= Beginning of Section =

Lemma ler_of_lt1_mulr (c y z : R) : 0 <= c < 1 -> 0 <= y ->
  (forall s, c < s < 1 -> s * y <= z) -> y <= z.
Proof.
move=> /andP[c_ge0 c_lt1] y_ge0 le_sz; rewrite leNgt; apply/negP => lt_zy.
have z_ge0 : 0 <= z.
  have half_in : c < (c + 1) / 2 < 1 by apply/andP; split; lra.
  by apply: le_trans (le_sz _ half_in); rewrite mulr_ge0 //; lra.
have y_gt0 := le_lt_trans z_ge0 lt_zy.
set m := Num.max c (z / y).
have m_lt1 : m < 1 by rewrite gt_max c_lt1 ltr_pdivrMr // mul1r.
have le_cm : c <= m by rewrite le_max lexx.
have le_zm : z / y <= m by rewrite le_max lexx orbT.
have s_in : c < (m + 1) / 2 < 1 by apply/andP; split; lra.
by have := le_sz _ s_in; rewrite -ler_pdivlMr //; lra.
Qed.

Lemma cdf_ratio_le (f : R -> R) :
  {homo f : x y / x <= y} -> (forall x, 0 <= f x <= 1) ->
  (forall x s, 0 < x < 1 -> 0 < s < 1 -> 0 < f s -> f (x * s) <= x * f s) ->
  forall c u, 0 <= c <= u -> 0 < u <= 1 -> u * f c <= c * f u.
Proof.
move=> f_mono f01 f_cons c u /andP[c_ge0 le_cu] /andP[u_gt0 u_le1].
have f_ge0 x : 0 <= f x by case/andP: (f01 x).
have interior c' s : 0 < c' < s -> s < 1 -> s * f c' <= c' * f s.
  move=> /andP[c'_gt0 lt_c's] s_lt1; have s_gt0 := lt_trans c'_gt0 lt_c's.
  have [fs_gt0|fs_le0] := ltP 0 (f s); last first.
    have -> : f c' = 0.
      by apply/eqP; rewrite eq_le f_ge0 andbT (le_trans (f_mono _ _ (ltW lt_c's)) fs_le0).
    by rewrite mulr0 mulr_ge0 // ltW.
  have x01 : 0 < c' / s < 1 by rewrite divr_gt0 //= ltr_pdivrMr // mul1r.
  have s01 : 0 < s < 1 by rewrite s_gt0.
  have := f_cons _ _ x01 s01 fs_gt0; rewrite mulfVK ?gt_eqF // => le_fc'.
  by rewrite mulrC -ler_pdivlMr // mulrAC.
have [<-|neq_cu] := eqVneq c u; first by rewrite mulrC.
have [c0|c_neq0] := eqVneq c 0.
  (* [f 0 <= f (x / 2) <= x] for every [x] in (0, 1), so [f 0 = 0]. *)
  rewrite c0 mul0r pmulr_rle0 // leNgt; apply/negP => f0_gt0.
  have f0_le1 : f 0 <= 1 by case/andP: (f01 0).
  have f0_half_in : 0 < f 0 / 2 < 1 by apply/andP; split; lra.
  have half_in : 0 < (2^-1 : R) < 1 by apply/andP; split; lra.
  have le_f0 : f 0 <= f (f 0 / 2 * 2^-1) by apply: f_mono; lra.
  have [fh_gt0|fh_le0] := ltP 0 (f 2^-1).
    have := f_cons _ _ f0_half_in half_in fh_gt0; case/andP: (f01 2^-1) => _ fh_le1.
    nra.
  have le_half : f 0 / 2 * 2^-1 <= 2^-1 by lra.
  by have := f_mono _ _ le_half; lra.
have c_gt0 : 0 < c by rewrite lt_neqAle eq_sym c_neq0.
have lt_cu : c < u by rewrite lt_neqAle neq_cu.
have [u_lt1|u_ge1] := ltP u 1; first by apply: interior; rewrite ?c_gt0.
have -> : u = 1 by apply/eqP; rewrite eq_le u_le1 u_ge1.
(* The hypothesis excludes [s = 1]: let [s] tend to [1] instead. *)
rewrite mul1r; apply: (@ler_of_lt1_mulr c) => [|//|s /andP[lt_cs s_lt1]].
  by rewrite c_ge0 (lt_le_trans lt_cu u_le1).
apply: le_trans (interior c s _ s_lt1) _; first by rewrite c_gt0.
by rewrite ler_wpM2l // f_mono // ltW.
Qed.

= End of Section =

[Problem details] Beginning at the top of the data, please return every line until and including the line containing "set m := Num.max c (z / y).", copied exactly, and nothing past it.

[Response box]
Lemma ler_of_lt1_mulr (c y z : R) : 0 <= c < 1 -> 0 <= y ->
  (forall s, c < s < 1 -> s * y <= z) -> y <= z.
Proof.
move=> /andP[c_ge0 c_lt1] y_ge0 le_sz; rewrite leNgt; apply/negP => lt_zy.
have z_ge0 : 0 <= z.
  have half_in : c < (c + 1) / 2 < 1 by apply/andP; split; lra.
  by apply: le_trans (le_sz _ half_in); rewrite mulr_ge0 //; lra.
have y_gt0 := le_lt_trans z_ge0 lt_zy.
set m := Num.max c (z / y).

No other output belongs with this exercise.